Anche l’offerta territoriale del tempo pieno a scuola presenta notevoli disparità: la provincia di Milano si trova in testa, con una copertura del 95,8% delle classi, mentre Ragusa è fanalino di coda, con appena il 4,5% di copertura.

Oltre al tempo pieno, importanti diseguaglianze riguardano anche l’accesso alle mense scolastiche. Garantire la mensa scolastica vuol dire investire nella lotta alla povertà materiale, educativa e alimentare dei più piccoli. Tuttavia, nella scuola primaria pubblica solo il 56% dei bambini frequenta la mensa almeno qualche giorno a settimana, con importanti differenze: se nelle province di Milano, Firenze, Bologna e Genova il servizio è garantito per più del 90% dei bambini, in Sicilia solo il 5-10% ha accesso alla mensa.

Sul fronte dell’istruzione, dall’analisi degli ultimi test Invalsi emergono anche cali dell’apprendimento su cui ha certamente influito il lungo periodo di chiusura delle scuole dettato dall’emergenza pandemica.
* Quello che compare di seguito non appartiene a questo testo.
Lemma phi_phiinv_pR V (B : H -> H -> V) a b c : multilinear2 B ->
  tsum3 phi (fun X1 X2 X3 => tsum3 phiinv (fun x1 x2 x3 =>
    B (a * X1 * x1) (b * X2 * x2 * beta * S x3 * S X3 * c)))
  = B a (b * beta * c).
Proof.
move=> [l1 l2]; have lS := antipode_linear.
transitivity (tsum3 (tmul3 phi phiinv) (fun X1 X2 X3 => B (a * X1) (b * X2 * beta * S X3 * c))).
  rewrite tsum3_tmul; apply: eq_tsum3 => *; apply: eq_tsum3 => *.
  by rewrite antipodeM !mulrA.
rewrite phi_phiinv; first by rewrite tsum3_seq1 antipode1 !mulr1.
split=> x y.
- exact: (lin_comp (l1 _) (lin_mull _)).
- apply: (eq_lin (g := fun z => B (a * x) (b * z * (beta * S y * c)))).
    by move=> z; rewrite !mulrA.
  exact: (lin_comp (l2 _) (lin_comp (lin_mulr _) (lin_mull _))).
- apply: (eq_lin (g := fun z => B (a * x) ((b * y * beta) * S z * c))) => //.
  exact: (lin_comp (l2 _) (lin_comp (lin_mulr _) (lin_comp (lin_mull _) lS))).
Qed.

(* [Delta(h_1) p_R (1 (x) S(h_2)) = p_R (h (x) 1)] for [p_R = x^1 (x) x^2 beta S(x^3)]. *)
Lemma pR_Delta V (B : H -> H -> V) h : multilinear2 B ->
  tsum2 (Delta h) (fun t1 t2 => tsum2 (Delta t1) (fun s1 s2 =>
     tsum3 phiinv (fun x1 x2 x3 => B (s1 * x1) (s2 * x2 * beta * S x3 * S t2))))
  = tsum3 phiinv (fun x1 x2 x3 => B (x1 * h) (x2 * beta * S x3)).
Proof.
move=> mB; case: (mB) => l1 l2; have lS := antipode_linear.
pose T a b c := tsum3 phiinv (fun x1 x2 x3 => B (a * x1) (b * x2 * beta * S x3 * S c)).
have mT : multilinear3 T.
  split => x y; rewrite /T /tsum3; apply: lin_sumr => p.
  - exact: (lin_comp (l1 _) (lin_mulr _)).
  - apply: (eq_lin (g := fun b => B (x * p.1.1) (b * (p.1.2 * beta * S p.2 * S y)))).
      by move=> z; rewrite !mulrA.
    exact: (lin_comp (l2 _) (lin_mulr _)).
  - exact: (lin_comp (l2 _) (lin_comp (lin_mull _) lS)).
have -> : tsum2 (Delta h) (fun t1 t2 => tsum2 (Delta t1) (fun s1 s2 =>
     tsum3 phiinv (fun x1 x2 x3 => B (s1 * x1) (s2 * x2 * beta * S x3 * S t2))))
   = tsum3 (DI2 Delta (Delta h)) T by rewrite tsum3_DI2.
rewrite (quasi_coassoc_inv h mT) tsum3_tmul tsum3_tmul; apply: eq_tsum3 => y1 y2 y3.
rewrite (eq_tsum3 _ (T' := fun w1 w2 w3 => B (y1 * w1) (y2 * w2 * beta * S w3 * S y3))); last first.
  move=> w1 w2 w3; rewrite -[_ * S w3 * S y3]mulrA -phi_phiinv_pR //.
  by apply: eq_tsum3 => *; apply: eq_tsum3 => *; rewrite !antipodeM !mulrA.
rewrite tsum3_ID2.
rewrite (eq_tsum2 _ (T' := fun a b => eps b *: B (y1 * a) (y2 * beta * S y3))); last first.
  move=> a b.
  have -> : tsum2 (Delta b) (fun b1 b2 => B (y1 * a) (y2 * b1 * beta * S b2 * S y3)) =
    B (y1 * a) (y2 * tsum2 (Delta b) (fun b1 b2 => b1 * beta * S b2) * S y3).
    rewrite (linear_tsum2 (f := fun z => B (y1 * a) (y2 * z * S y3))).
      by apply: eq_tsum2 => *; rewrite !mulrA.
    exact: (lin_comp (l2 _) (lin_comp (lin_mulr _) (lin_mull _))).
  by rewrite /tsum2 /= antipode_beta -scalerAr -scalerAl (linZ (l2 _)).
by rewrite tsum2_Delta_epsr //; exact: (lin_comp (l1 _) (lin_mull _)).
Qed.

Section RightProjector.
Variable Sinv : H -> H.
Hypothesis SiK : cancel Sinv S.

Lemma eps_antipode_inv x : eps (Sinv x) = eps x.
Proof. by rewrite -{2}(SiK x) eps_antipode. Qed.

Lemma pL_eps1 : \sum_(q <- p_L phi Sinv beta) eps q.1 *: q.2 = 1.
Proof.
rewrite /p_L big_map /=.
transitivity (tsum3 phi (fun a b c => eps b *: (eps a *: c))).
  apply: eq_bigr => p _.
  by rewrite scalerA epsM eps_antipode_inv epsM eps_beta mulr1 mulrC.
rewrite phi_eps2 ?eps1 ?scale1r //.
by split=> x; [apply: lin_scalel eps_linear | apply: lin_scaler].
Qed.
Nell’ultimo anno delle scuole superiori, la dispersione implicita – ovvero il mancato raggiungimento del livello sufficiente in italiano, matematica e inglese – è salita al 9,5% su base nazionale. Questo significa che quasi 1 studente su 10, pur non essendo formalmente disperso, è uscito dalla scuola senza le competenze fondamentali e, quindi con il forte rischio di non avere prospettive di inserimento nella società così diverse da chi non ha invece portato a termine la scuola secondaria di secondo grado.

Anche rispetto alla dispersione implicita, si osservano, però, significative variazioni su scala regionale: nel Nord solo il 2,6% dei diplomandi è risultato in dispersione implicita, al Centro l’8,8%, e nel Mezzogiorno il 14,8%.
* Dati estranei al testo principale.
(* Let $X$ be a compact Hausdorff space and let $a\in\mathrm{M}_m(\mathrm{C}(X))$ be block diagonal, $a=\mathrm{diag}(0_k,a_1,\dots,a_n)$, where $0_k$ is the $k\times k$ zero matrix and $a_i\in\mathrm{M}_{k_i}(\mathrm{C}(X))$ for natural numbers $k_1,\dots,k_n$ with $k+\sum_i k_i=m$. If $k>\max_{1\le i\le n}k_i$, then $a$ can be approximated arbitrarily closely in norm by invertible elements of $\mathrm{M}_m(\mathrm{C}(X))$. *)

(* Complex numbers are R[i] (mathcomp-real-closed)
   over an arbitrary R : realType; R[i] is a numFieldType, hence carries its
   canonical normed (metric) topology via numFieldNormedType. *)
From HB Require Import structures.
From mathcomp Require Import all_boot all_order all_algebra.
From mathcomp Require Import all_classical all_reals topology normedtype.
From mathcomp Require Import complex.
Set Implicit Arguments. Unset Strict Implicit. Unset Printing Implicit Defensive.
Import Order.TTheory GRing.Theory Num.Theory.
Import numFieldNormedType.Exports.
Local Open Scope classical_set_scope.
Local Open Scope ring_scope.

Section Defs.
Variable R : realType.
Local Notation C := R[i].

Definition vnorm m (v : 'cV[C]_m) : R :=
  Num.sqrt (\sum_(i < m) ((complex.Re (v i ord0)) ^+ 2 + (complex.Im (v i ord0)) ^+ 2)).

Definition opnorm m (A : 'M[C]_m) : R :=
  sup [set vnorm (A *m v) | v in [set v : 'cV[C]_m | vnorm v <= 1]].

Variable X : topologicalType.

(* An element of M_m(C(X)), represented as a function X -> M_m(C)
   all of whose entries are continuous. *)
Definition is_CXmx m (f : X -> 'M[C]_m) : Prop :=
  forall i j : 'I_m, continuous (fun x => (f x i j : (R[i])^o)).

Definition CXmx_norm m (f : X -> 'M[C]_m) : R :=
  sup [set opnorm (f x) | x in [set: X]].

Definition CXmx_invertible m (f : X -> 'M[C]_m) : Prop :=
  exists g : X -> 'M[C]_m, is_CXmx g /\
    (forall x, f x *m g x = 1%:M) /\ (forall x, g x *m f x = 1%:M).

End Defs.

From HB Require Import structures.
From mathcomp Require Import all_boot all_order all_algebra all_fingroup.
From mathcomp Require Import all_classical all_reals topology normedtype.
From mathcomp Require Import complex zify ring lra.
Import Order.TTheory GRing.Theory Num.Theory.
Import numFieldNormedType.Exports.
Local Open Scope classical_set_scope.
Local Open Scope ring_scope.
Set Implicit Arguments.
Unset Strict Implicit.
Unset Printing Implicit Defensive.

(* Let P be the permutation matrix shifting the coordinates cyclically by k.
   The first k rows of a vanish and each block a_i has size at most k, so P a
   is strictly upper triangular, hence nilpotent.  For d > 0 the matrix
   a - d P^-1 = -d P^-1 (1 - d^-1 P a) is therefore invertible, its inverse
   being a finite Neumann series with continuous entries, and it lies at
   distance d from a. *)

Section ContinuousEntries.
Variables (R : realType) (X : topologicalType).
Local Notation C := R[i].

Definition continuousC (f : X -> C) := continuous (fun x => f x : C^o).

Lemma continuousC_cst (c : C) : continuousC (fun _ => c).
Proof. exact: cst_continuous. Qed.

Lemma continuousCD f g :
  continuousC f -> continuousC g -> continuousC (fun x => f x + g x).
Proof. by move=> cf cg x; apply: continuousD; [apply: cf | apply: cg]. Qed.

Lemma continuousCM f g :
  continuousC f -> continuousC g -> continuousC (fun x => f x * g x).
Proof. by move=> cf cg x; apply: continuousM; [apply: cf | apply: cg]. Qed.

Lemma continuousC_sum (I : Type) (r : seq I) (P : pred I) (f : I -> X -> C) :
  (forall i, continuousC (f i)) ->
  continuousC (fun x => \sum_(i <- r | P i) f i x).
Proof.
move=> cf; elim: r => [|i r IHr].
  by under eq_fun do rewrite big_nil; exact: continuousC_cst.
under eq_fun do rewrite big_cons.
case: (P i); last exact: IHr.
exact: continuousCD (cf i) IHr.
Qed.

Lemma continuousC_conform_mx m1 n1 m2 n2 (F : X -> 'M[C]_(m1, n1)) r c :
  (forall r' c', continuousC (fun x => F x r' c')) ->
  continuousC (fun x => conform_mx (0 : 'M_(m2, n2)) (F x) r c).
Proof.
rewrite /conform_mx => cF; case: (m1 =P m2) => e1; case: (n1 =P n2) => e2;
  first by under eq_fun do rewrite castmxE; apply: cF.
all: by under eq_fun do rewrite mxE; exact: continuousC_cst.
Qed.

Variable m : nat.
Implicit Types f g : X -> 'M[C]_m.

Lemma is_CXmx_cst (A : 'M[C]_m) : is_CXmx (fun _ : X => A).
Proof. by move=> i j; apply: continuousC_cst. Qed.

Lemma is_CXmxB f g : is_CXmx f -> is_CXmx g -> is_CXmx (fun x => f x - g x).
Proof.
move=> cf cg i j; under eq_fun do rewrite !mxE.
by move=> x; apply: continuousB; [apply: cf | apply: cg].
Qed.

Lemma is_CXmxM f g : is_CXmx f -> is_CXmx g -> is_CXmx (fun x => f x *m g x).
Proof.
move=> cf cg i j; under eq_fun do rewrite mxE.
by apply: continuousC_sum => l; apply: continuousCM.
Qed.

Lemma is_CXmxX f p : is_CXmx f -> is_CXmx (fun x => f x ^+ p).
Proof.
move=> cf; elim: p => [|p IHp].
  by under eq_fun do rewrite expr0; apply: is_CXmx_cst.
by under eq_fun do rewrite exprS; apply: is_CXmxM.
Qed.

Lemma is_CXmx_sum (I : Type) (r : seq I) (P : pred I) (f : I -> X -> 'M[C]_m) :
  (forall i, is_CXmx (f i)) -> is_CXmx (fun x => \sum_(i <- r | P i) f i x).
Proof.
move=> cf i j; under eq_fun do rewrite summxE.
by apply: continuousC_sum => l; apply: cf.
Qed.

End ContinuousEntries.

Lemma mxdiagE (V : nmodType) n (p_ : 'I_n -> nat) (B : forall i, 'M[V]_(p_ i)) u v :
  (\mxdiag_i B i) u v =
    if tagnat.sig1 u == tagnat.sig1 v then
      conform_mx 0 (B (tagnat.sig1 u)) (tagnat.sig2 u) (tagnat.sig2 v)
    else 0.
Proof. by rewrite /mxdiag /mxblock mxE; case: (_ == _) => //; rewrite mxE. Qed.

Section BlockDiagonalContinuity.
Variables (R : realType) (X : topologicalType).
Local Notation C := R[i].

Lemma is_CXmx_mxdiag n (p_ : 'I_n -> nat) (B : forall i, X -> 'M[C]_(p_ i)) :
  (forall i, is_CXmx (B i)) -> is_CXmx (fun x => \mxdiag_i B i x).
Proof.
move=> cB u v; under eq_fun do rewrite mxdiagE.
case: (_ == _); last exact: continuousC_cst.
by apply: continuousC_conform_mx; apply: cB.
Qed.

Lemma is_CXmx_block_mx0 k s (D : X -> 'M[C]_s) :
  is_CXmx D -> is_CXmx (fun x => (block_mx 0 0 0 (D x) : 'M_(k + s))).
Proof.
move=> cD u v; rewrite -(fintype.splitK u) -(fintype.splitK v).
case: (fintype.split u) => u'; case: (fintype.split v) => v' /=.
- by under eq_fun do rewrite block_mxEul mxE; apply: continuousC_cst.
- by under eq_fun do rewrite block_mxEur mxE; apply: continuousC_cst.
- by under eq_fun do rewrite block_mxEdl mxE; apply: continuousC_cst.
- by under eq_fun do rewrite block_mxEdr; apply: cD.
Qed.

End BlockDiagonalContinuity.

Lemma mxdiag_neq0_lt (V : nmodType) n (p_ : 'I_n -> nat) (B : forall i, 'M[V]_(p_ i))
    (K : nat) u v :
  (forall i, p_ i <= K)%N -> (\mxdiag_i B i) u v != 0 -> (u < v + K)%N.
Proof.
move=> p_le_K; rewrite mxdiagE.
case: (tagnat.sig1 u =P tagnat.sig1 v) => [same_block _|_]; last by rewrite eqxx.
have offset_v : (\sum_(i < n | i < tagnat.sig1 v) p_ i =
                 \sum_(i < n | i < tagnat.sig1 u) p_ i)%N by rewrite same_block.
have := tagnat.rect u; have := tagnat.rect v; rewrite offset_v.
have := ltn_ord (tagnat.sig2 u); have := p_le_K (tagnat.sig1 u); lia.
Qed.

Lemma block_mx0_neq0 (V : nmodType) k s (D : 'M[V]_s) u v :
  (forall u v, D u v != 0 -> (u < v + k)%N) ->
  (block_mx 0 0 0 D : 'M_(k + s)) u v != 0 -> (k <= u < v + k)%N.
Proof.
move=> D_band; rewrite -(fintype.splitK u) -(fintype.splitK v).
case: (fintype.split u) => u'; case: (fintype.split v) => v' /=.
- by rewrite block_mxEul mxE eqxx.
- by rewrite block_mxEur mxE eqxx.
- by rewrite block_mxEdl mxE eqxx.
by rewrite block_mxEdr => /D_band; lia.
Qed.

Definition strictly_upper_mx (V : nmodType) m (A : 'M[V]_m) :=
  forall i j, A i j != 0 -> (i < j)%N.

Section StrictlyUpper.
Variables (F : pzRingType) (m : nat).
Implicit Types N : 'M[F]_m.

Lemma strictly_upper_mxX N p i j :
  strictly_upper_mx N -> (N ^+ p) i j != 0 -> (i + p <= j)%N.
Proof.
move=> N_upper; elim: p i j => [|p IHp] i j.
  by rewrite expr0 mxE addn0; case: (i =P j) => [->|]; rewrite ?eqxx.
rewrite exprS mxE; apply: contraNT => lt_j_ip.
rewrite big1 // => l _.
have [->|Nil] := eqVneq (N i l) 0; first by rewrite mul0r.
have [->|Nplj] := eqVneq ((N ^+ p) l j) 0; first by rewrite mulr0.
by have := N_upper _ _ Nil; have := IHp _ _ Nplj; lia.
Qed.

Lemma strictly_upper_mxZ c N : strictly_upper_mx N -> strictly_upper_mx (c *: N).
Proof.
move=> N_upper i j; rewrite mxE => cN_neq0; apply: N_upper.
by apply: contraNneq cN_neq0 => ->; rewrite mulr0.
Qed.

Lemma strictly_upper_mx_nilpotent N : strictly_upper_mx N -> N ^+ m = 0.
Proof.
move=> N_upper; apply/matrixP => i j; rewrite mxE; apply/eqP.
by apply: contraTT (ltn_ord j) => /(strictly_upper_mxX N_upper); rewrite -leqNgt; lia.
Qed.

End StrictlyUpper.

Section CyclicShift.
Variables (m k : nat).

Definition shift_ord (i : 'I_m) : 'I_m :=
  Ordinal (ltn_pmod (i + k)%N (leq_ltn_trans (leq0n i) (ltn_ord i))).

Lemma shift_ord_inj : injective shift_ord.
Proof.
move=> i j /(congr1 val) /= /eqP; rewrite eqn_modDr => /eqP.
by rewrite !modn_small // => /val_inj.
Qed.

Definition shift_perm : 'S_m := perm shift_ord_inj.

Lemma shift_permE i : shift_perm i = ((i + k) %% m)%N :> nat.
Proof. by rewrite permE. Qed.

(* The rows of A that the shift wraps around are among its first k rows. *)
Lemma row_perm_shift_strictly_upper (V : nmodType) (A : 'M[V]_m) :
  (forall u v, A u v != 0 -> (k <= u < v + k)%N) ->
  strictly_upper_mx (row_perm shift_perm A).
Proof.
move=> A_band i j; rewrite mxE => /A_band; rewrite shift_permE.
have := ltn_ord i; case: (ltnP (i + k) m) => [lt_ik_m|le_m_ik].
  by rewrite modn_small //; lia.
rewrite -(subnK le_m_ik) modnDr; have := leq_mod (i + k - m) m; lia.
Qed.

End CyclicShift.

Section Invertibility.
Variables (R : realType) (X : topologicalType) (m : nat).
Local Notation C := R[i].

Lemma CXmx_invertibleP (f g : X -> 'M[C]_m) :
  is_CXmx g -> (forall x, f x *m g x = 1%:M) -> CXmx_invertible f.
Proof. by move=> cg fg; exists g; split=> //; split=> // x; apply: mulmx1C. Qed.

Lemma CXmx_invertible_unit_nilpotent (U : 'M[C]_m) (N : X -> 'M[C]_m) :
  U \in unitmx -> is_CXmx N -> (forall x, N x ^+ m = 0) ->
  CXmx_invertible (fun x => U *m (1 - N x)).
Proof.
move=> U_unit cN N_nil.
apply: (@CXmx_invertibleP _ (fun x => (\sum_(p < m) N x ^+ p) *m invmx U)).
  apply: is_CXmxM; last exact: is_CXmx_cst.
  by apply: is_CXmx_sum => p; apply: is_CXmxX.
move=> x; have neumann : (1 - N x) * \sum_(p < m) N x ^+ p = 1.
  by rewrite -opprB mulNr -subrX1 N_nil sub0r opprK.
by rewrite mulmxA -(mulmxA U) mulmxE neumann mulr1 -mulmxE mulmxV.
Qed.

End Invertibility.

Section Norms.
Variable R : realType.
Local Notation C := R[i].
Local Open Scope complex_scope.

Lemma vnorm0 m : vnorm (0 : 'cV[C]_m) = 0.
Proof. by rewrite /vnorm big1 ?sqrtr0 // => i _; rewrite mxE /= expr0n addr0. Qed.

Lemma vnorm_row_perm m (s : 'S_m) (v : 'cV[C]_m) : vnorm (row_perm s v) = vnorm v.
Proof.
rewrite /vnorm; under eq_bigr do rewrite mxE.
by rewrite [in RHS](reindex_inj (@perm_inj _ s)).
Qed.

Lemma vnormZ_real m (c : R) (v : 'cV[C]_m) : vnorm (c%:C *: v) = `|c| * vnorm v.
Proof.
rewrite /vnorm; under eq_bigr => i _.
  rewrite mxE (_ : complex.Re _ ^+ 2 + _ =
    c ^+ 2 * (complex.Re (v i ord0) ^+ 2 + complex.Im (v i ord0) ^+ 2)).
    by over.
  by case: (v i ord0) => x y /=; ring.
by rewrite -mulr_sumr sqrtrM ?sqr_ge0 // sqrtr_sqr.
Qed.

Lemma opnorm_le m (A : 'M[C]_m) (r : R) :
  (forall v, vnorm v <= 1 -> vnorm (A *m v) <= r) -> opnorm A <= r.
Proof.
move=> A_le; apply: ge_sup; last by move=> _ [v v_le1 <-]; apply: A_le.
by exists (vnorm (A *m 0)), 0 => //=; rewrite vnorm0.
Qed.

Lemma opnorm_scale_perm m (c : R) (s : 'S_m) :
  opnorm (c%:C *: perm_mx s) <= `|c|.
Proof.
apply: opnorm_le => v v_le1.
rewrite -scalemxAl -row_permE vnormZ_real vnorm_row_perm.
by rewrite ler_piMr.
Qed.

Lemma CXmx_norm_le (X : topologicalType) m (f : X -> 'M[C]_m) (r : R) :
  0 <= r -> (forall x, opnorm (f x) <= r) -> CXmx_norm f <= r.
Proof.
move=> r_ge0 f_le; have [[x _]|noX] := pselect (exists x : X, True).
  by apply: ge_sup; [exists (opnorm (f x)), x | move=> _ [y _ <-]].
rewrite /CXmx_norm (_ : [set _ | x in _] = set0) ?sup0 //.
by apply/seteqP; split=> // y [x _ _]; apply: noX; exists x.
Qed.

End Norms.

Theorem lemma4p2 (R : realType) (X : topologicalType)
    (hcpt : compact [set: X]) (hT2 : hausdorff_space X)
    (k n : nat) (ks : 'I_n -> nat)
    (a_ : forall i : 'I_n, X -> 'M[R[i]]_(ks i))
    (ha : forall i : 'I_n, is_CXmx (a_ i))
    (hk : (\max_(i < n) ks i < k)%N) :
  let a : X -> 'M[R[i]]_(k + \sum_(i < n) ks i) :=
    fun x => block_mx 0 0 0 (\mxdiag_(i < n) a_ i x) in
  forall eps : R, 0 < eps ->
  exists b : X -> 'M[R[i]]_(k + \sum_(i < n) ks i),
    is_CXmx b /\ CXmx_invertible b /\ CXmx_norm (fun x => a x - b x) < eps.
Proof.
move=> a eps eps_gt0.
pose s := shift_perm (k + \sum_(i < n) ks i) k.
pose d : R[i] := (eps / 2)%:C%C.
have d_neq0 : d != 0 by apply: lt0r_neq0; rewrite -[0]/((0 : R)%:C)%C ltcR; lra.
have a_cont : is_CXmx a by apply: is_CXmx_block_mx0; apply: is_CXmx_mxdiag.
have a_band x u v : a x u v != 0 -> (k <= u < v + k)%N.
  apply: block_mx0_neq0 => {}u {}v; apply: mxdiag_neq0_lt => i.
  exact/ltnW/(leq_ltn_trans (leq_bigmax i)).
have factor x : a x - d *: perm_mx s^-1 =
                (- d *: perm_mx s^-1) *m (1 - (d^-1 *: perm_mx s) *m a x).
  rewrite mulmxBr mulmx1 mulmxA -scalemxAl -scalemxAr scalerA mulNr divff //.
  by rewrite -perm_mxM mulVg perm_mx1 scaleN1r mulNmx mul1mx opprK scaleNr addrC.
exists (fun x => a x - d *: perm_mx s^-1); split; [|split].
- by apply: is_CXmxB; [exact: a_cont | exact: is_CXmx_cst].
- rewrite (funext factor); apply: CXmx_invertible_unit_nilpotent.
  + by rewrite unitmxZ ?unitmx_perm // unitrN unitfE.
  + by apply: is_CXmxM; [exact: is_CXmx_cst | exact: a_cont].
  + move=> x; rewrite -scalemxAl -row_permE.
    apply/strictly_upper_mx_nilpotent/strictly_upper_mxZ.
    exact/row_perm_shift_strictly_upper/a_band.
- have -> : (fun x => a x - (a x - d *: perm_mx s^-1)) = fun _ => d *: perm_mx s^-1.
    by apply: funext => x; rewrite subKr.
  apply: (@le_lt_trans _ _ `|eps / 2|); last by rewrite ger0_norm; lra.
  by apply: CXmx_norm_le => // x; apply: opnorm_scale_perm.
Qed.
I dati INVALSI, inoltre, hanno mostrato che se la crisi ha colpito e messo a dura prova tutti gli studenti, a subire le conseguenze più gravi sono stati soprattutto i bambini e i ragazzi che già vivevano in una condizione di svantaggio, i quali hanno sperimentato maggiori difficoltà nel seguire la didattica a distanza a causa della mancanza di strumenti, di condizioni idonee e di supporto in casa. A conferma di ciò, i punteggi medi dei test in italiano e matematica hanno rilevato risultati decisamente peggiori per ragazzi provenienti da famiglie di livello socio-economico basso o medio basso.

Il quadro complessivo che emerge dai dati finora citati racconta di una realtà profondamente segnata da diseguaglianze educative, sociali, economiche e geografiche, che anche a seguito della pandemia appaiono sempre più marcate, e dove le opportunità di sviluppo variano molto in base al luogo in cui si cresce.

Di fronte alle grandi sfide cui siamo chiamati a rispondere in questo momento storico, le conclusioni del Prof. Avv. Andrea Farina – Coordinatore dell’Osservatorio Salesiano per i Diritti dei Minori – richiamano alla necessità di proporre nuove strategie e politiche che mettano al centro le nuove generazioni, affinché abbiano un futuro più equo e sicuro.

«Mai come oggi, diviene urgente imprimere una decisiva inversione di rotta, prevedendo un investimento serio, concreto e complessivo sull’infanzia, teso innanzitutto a rafforzare i territori maggiormente svantaggi, e assumendo uno sguardo olistico nella progettazione delle politiche, che metta al primo posto i diritti di tutti i bambini e le bambine» dichiara il prof. Farina.